▸ WORK ORDER
The response must be made up of the lines in the entries below that contain "replace".
** SUPPLIED MATERIAL follows **
Lemma slim_pullback {Y X : Type} (dY : Y -> Y -> R) (dX : X -> X -> R) (f : Y -> X)
  (a b H : R) : 0 < a ->
  (forall y y', dX (f y) (f y') >= a * dY y y' - b) ->
  (forall x y z gxy gxz gyz, geodesic dY x y gxy -> geodesic dY x z gxz -> geodesic dY y z gyz ->
    forall t, 0 <= t <= dY x y -> forall eps, 0 < eps -> exists q,
    on_other_sides dY x y z gxz gyz q /\ dX (f (gxy t)) (f q) <= H + eps) ->
  triangles_slim dY ((H + b) / a).
Proof.
  intros Ha Hi Himg x y z gxy gxz gyz G1 G2 G3 t Ht eps Heps.
  destruct (Himg x y z gxy gxz gyz G1 G2 G3 t Ht (eps * a) ltac:(nra)) as [q [Hq Hd]].
  exists q. split; auto. specialize (Hi (gxy t) q).
  apply (Rmult_le_reg_l a); auto.
  replace (a * ((H + b) / a + eps)) with (H + b + eps * a) by (field; lra). lra.
Qed.

Theorem mainTheorem19 (Y X : Type) (dY : Y -> Y -> R) (dX : X -> X -> R)
  (a b lam C delta : R) (f : Y -> X) :
  is_metric dY -> proper_space dY -> geodesic_space dY ->
  is_metric dX -> proper_space dX -> geodesic_space dX ->
  0 < a -> 0 <= b -> 1 <= lam -> 0 <= C ->
  m_continuous dY dX f ->
  (forall y y', dX (f y) (f y') >= a * dY y y' - b) ->
  (forall y y' (g : R -> Y), geodesic dY y y' g ->
     rectifiable dX (fun t => f (g t)) 0 (dY y y') /\
     path_length dX (fun t => f (g t)) 0 (dY y y') <= lam * dX (f y) (f y') + C) ->
  hyperbolic dX delta ->
  let delta'' := 4 / a * ((6 * lam ^ 2 + 14 * lam + 5) * delta
                          + (4 * lam + 3) / (6 * lam + 2) * C + b) in
  hyperbolic dY delta'' /\
  delta'' <= 4 / a * ((6 * lam ^ 2 + 14 * lam + 5) * delta + C + b).
Proof.
  intros HmY HpY HgY HmX HpX HgX Ha Hb Hlam HC Hf Hi Hlen Hhyp delta''.
  assert (Hcoef : 0 <= (4 * lam + 3) / (6 * lam + 2) <= 1).
  { split; [apply Rdiv_le_0_compat; lra|].
    apply (Rmult_le_reg_r (6*lam+2)); [lra|]. field_simplify; lra. }
  split.
  2:{ apply Rmult_le_compat_l; [apply Rdiv_le_0_compat; lra|]. nra. }
  split; [auto|split; [auto|]].
  intros x y z gxy gxz gyz G1 G2 G3.
  pose proof (hyperbolic_const_nonneg dX HmX delta Hhyp (f x)) as Hd0.
  destruct Hhyp as [_ [_ Hthin]].
  assert (HH : 0 <= slim_const lam C delta).
  { unfold slim_const. assert (0 <= 6 * lam ^ 2 + 14 * lam + 5) by nra. nra. }
  (* Claim 2, pulled back to Y, makes triangles of Y slim, hence thin *)
  replace delta'' with (4 * ((slim_const lam C delta + b) / a))
    by (unfold delta'', slim_const; field; lra).
  apply (slim_triangles_thin dY HmY ((slim_const lam C delta + b) / a)); auto.
  { apply Rdiv_le_0_compat; lra. }
  apply (slim_pullback dY dX f a b _ Ha Hi).
  exact (image_triangle_slim dY dX HmY HmX HgX lam C delta f Hlam HC Hd0 Hf Hlen Hthin).
Qed.
(* Let $(\mathbb N,S)$ be the natural numbers with the unary successor function $S(n)=n+1$. For all $a,b,c,d\in\mathbb N$, $$(\mathbb N,S)\models_e a:b::c:d\iff a-b=c-d.$$
   Context: Equational fragment: for an $L$-structure $\mathfrak A$ and $a,b\in A$, the set of equational justifications is $\uparrow^e_{\mathfrak A}(a\to b)=\{s(x,y)=t(x,y): s,t\ L\text{-terms in variables among }x,y,\ \text{the formula } s=t \text{ is a c-formula},\ \mathfrak A\models s(a,b)=t(a,b)\}$, where a c-formula is one whose free variables are exactly $x,y$ and whose dependency graph (vertices: its variables; edge between two variables iff they occur in a common atomic subformula) is connected. Put $\uparrow^e_{\mathfrak A}(a\to b:\cdot\, c\to d)=\uparrow^e_{\mathfrak A}(a\to b)\cap\uparrow^e_{\mathfrak A}(c\to d)$. An equation is trivial iff it lies in $\uparrow^e_{\mathfrak A}(a\to b:\cdot\, c\to d)$ for all $a,b,c,d$; $\emptyset^e$ denotes the set of trivial ones. $\mathfrak A\models_e a\to b:\cdot\, c\to d$ iff either $\uparrow^e_{\mathfrak A}(a\to b)\cup\uparrow^e_{\mathfrak A}(c\to d)$ consists only of trivial equations, or $\uparrow^e_{\mathfrak A}(a\to b:\cdot\, c\to d)$ contains a non-trivial equation and for every $d'$, $\emptyset^e\subsetneq\uparrow^e(a\to b:\cdot\, c\to d)\subseteq\uparrow^e(a\to b:\cdot\, c\to d')$ implies $\emptyset^e\subsetneq\uparrow^e(a\to b:\cdot\, c\to d')\subseteq\uparrow^e(a\to b:\cdot\, c\to d)$. $\mathfrak A\models_e a:b::c:d$ iff $\mathfrak A\models_e a\to b:\cdot\, c\to d$, $b\to a:\cdot\, d\to c$, $c\to d:\cdot\, a\to b$ and $d\to c:\cdot\, b\to a$. Here $a-b$ denotes integer subtraction. *)

From Stdlib Require Import ZArith.

Inductive term : Type :=
| Vx : term
| Vy : term
| Fapp : term -> term.

Definition equation := (term * term)%type.

Fixpoint occurs_x (t : term) : bool :=
  match t with Vx => true | Vy => false | Fapp u => occurs_x u end.
Fixpoint occurs_y (t : term) : bool :=
  match t with Vx => false | Vy => true | Fapp u => occurs_y u end.

(* Dependency graph of the (atomic) formula s = t: its vertices are the
   variables occurring in it; two variables are adjacent iff they occur in a
   common atomic subformula (here the single atom s = t). *)
Definition eq_vars_x (e : equation) : Prop := occurs_x (fst e) = true \/ occurs_x (snd e) = true.
Definition eq_vars_y (e : equation) : Prop := occurs_y (fst e) = true \/ occurs_y (snd e) = true.

(* The dependency graph of an atomic formula: every pair of its variables is
   adjacent (they occur in the common atom s = t). Connectedness, with vertex
   set {x,y}, hence amounts to: x and y are both vertices and adjacent. *)
Definition dep_edge_xy (e : equation) : Prop := eq_vars_x e /\ eq_vars_y e.

(* c-formula: free variables exactly x, y, and dependency graph connected. *)
Definition c_formula (e : equation) : Prop :=
  (eq_vars_x e /\ eq_vars_y e) /\ dep_edge_xy e.

Section Unary.
Variable A : Type.
Variable f : A -> A.

Fixpoint eval (a b : A) (t : term) : A :=
  match t with Vx => a | Vy => b | Fapp u => f (eval a b u) end.

Definition just (a b : A) (e : equation) : Prop :=
  c_formula e /\ eval a b (fst e) = eval a b (snd e).

Definition just2 (a b c d : A) (e : equation) : Prop :=
  just a b e /\ just c d e.

Definition trivial_eq (e : equation) : Prop :=
  forall a b c d : A, just2 a b c d e.

Definition subset_eq (P Q : equation -> Prop) : Prop := forall e, P e -> Q e.

Definition nontriv_strict (X : equation -> Prop) : Prop :=
  subset_eq trivial_eq X /\ exists e, X e /\ ~ trivial_eq e.

Definition models_arrow (a b c d : A) : Prop :=
  (forall e, (just a b e \/ just c d e) -> trivial_eq e)
  \/
  ((exists e, just2 a b c d e /\ ~ trivial_eq e) /\
   forall d' : A,
     (nontriv_strict (just2 a b c d) /\ subset_eq (just2 a b c d) (just2 a b c d')) ->
     (nontriv_strict (just2 a b c d') /\ subset_eq (just2 a b c d') (just2 a b c d))).

Definition models_analogy (a b c d : A) : Prop :=
  models_arrow a b c d /\ models_arrow b a d c /\
  models_arrow c d a b /\ models_arrow d c b a.

End Unary.

Arguments just {A} f a b e.
Arguments just2 {A} f a b c d e.
Arguments trivial_eq {A} f e.
Arguments models_arrow {A} f a b c d.
Arguments models_analogy {A} f a b c d.

(* In (N, S) a term denotes its variable shifted by its depth, and x, y must
   occur on opposite sides of a c-formula, so [S^m x = S^n y] is justified
   by (a, b) exactly when a - b = n - m.  Hence all justifications of a pair
   only depend on a - b, no equation is trivial, and an arrow a -> b :. c -> d
   holds iff a - b = c - d; the four arrows of an analogy then amount to the
   same condition. *)
From Stdlib Require Import ZArith Lia.

Fixpoint depth (t : term) : nat :=
  match t with Vx | Vy => 0 | Fapp u => S (depth u) end.

Fixpoint Fiter (n : nat) (t : term) : term :=
  match n with 0 => t | S k => Fapp (Fiter k t) end.

Lemma depth_Fiter n t : depth (Fiter n t) = n + depth t.
Proof. induction n; simpl; auto. Qed.

Lemma occurs_x_Fiter n t : occurs_x (Fiter n t) = occurs_x t.
Proof. induction n; simpl; auto. Qed.

Lemma occurs_y_negb t : occurs_y t = negb (occurs_x t).
Proof. induction t; simpl; auto. Qed.

Lemma eval_S a b t : eval nat S a b t = (if occurs_x t then a else b) + depth t.
Proof. induction t; simpl; lia. Qed.

Lemma just_S_iff a b s t : just S a b (s, t) <->
  (occurs_x s = true /\ occurs_x t = false /\ a + depth s = b + depth t) \/
  (occurs_x s = false /\ occurs_x t = true /\ b + depth s = a + depth t).
Proof.
  unfold just, c_formula, dep_edge_xy, eq_vars_x, eq_vars_y; simpl.
  rewrite !eval_S, !occurs_y_negb.
  destruct (occurs_x s), (occurs_x t); simpl; intuition (try discriminate; lia).
Qed.

Lemma just_S_diff_iff a b c d e : just S a b e ->
  (just S c d e <-> (Z.of_nat a - Z.of_nat b = Z.of_nat c - Z.of_nat d)%Z).
Proof.
  destruct e as [s t]; rewrite !just_S_iff.
  intros Hab; split; intros Hcd; intuition (try congruence; lia).
Qed.

Lemma just_S_Fiter a b : just S a b (Fiter b Vx, Fiter a Vy).
Proof.
  apply just_S_iff; left.
  rewrite !occurs_x_Fiter, !depth_Fiter; simpl; repeat split; lia.
Qed.

Lemma not_trivial_eq_S e : ~ trivial_eq S e.
Proof.
  intros Htriv; destruct (Htriv 0 0 1 0) as [H00 H10].
  apply (just_S_diff_iff _ _ _ _ _ H00) in H10; lia.
Qed.

Lemma models_arrow_S_iff a b c d : models_arrow S a b c d <->
  (Z.of_nat a - Z.of_nat b = Z.of_nat c - Z.of_nat d)%Z.
Proof.
  pose proof (just_S_Fiter a b) as Hw.
  split.
  - intros [Hempty | [[e [[Hab Hcd] _]] _]].
    + destruct (not_trivial_eq_S _ (Hempty _ (or_introl Hw))).
    + exact (proj1 (just_S_diff_iff _ _ _ _ _ Hab) Hcd).
  - intros Hdiff.
    assert (Hw2 : just2 S a b c d (Fiter b Vx, Fiter a Vy))
      by (split; [exact Hw | apply (just_S_diff_iff _ _ _ _ _ Hw); exact Hdiff]).
    right; split.
    + exists (Fiter b Vx, Fiter a Vy); split; [exact Hw2 | apply not_trivial_eq_S].
    + intros d' [Hstrict Hsub].
      destruct (Hsub _ Hw2) as [_ Hcd'].
      apply (just_S_diff_iff _ _ _ _ _ Hw) in Hcd'.
      assert (d' = d) by lia; subst d'.
      split; [exact Hstrict | intros e He; exact He].
Qed.

Theorem theorem13 : forall a b c d : nat,
  models_analogy S a b c d <->
  (Z.of_nat a - Z.of_nat b = Z.of_nat c - Z.of_nat d)%Z.
Proof.
  intros a b c d; unfold models_analogy; rewrite !models_arrow_S_iff; lia.
Qed.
** End of SUPPLIED MATERIAL **
▸ SOLUTION BELOW
  replace (a * ((H + b) / a + eps)) with (H + b + eps * a) by (field; lra). lra.
  replace delta'' with (4 * ((slim_const lam C delta + b) / a))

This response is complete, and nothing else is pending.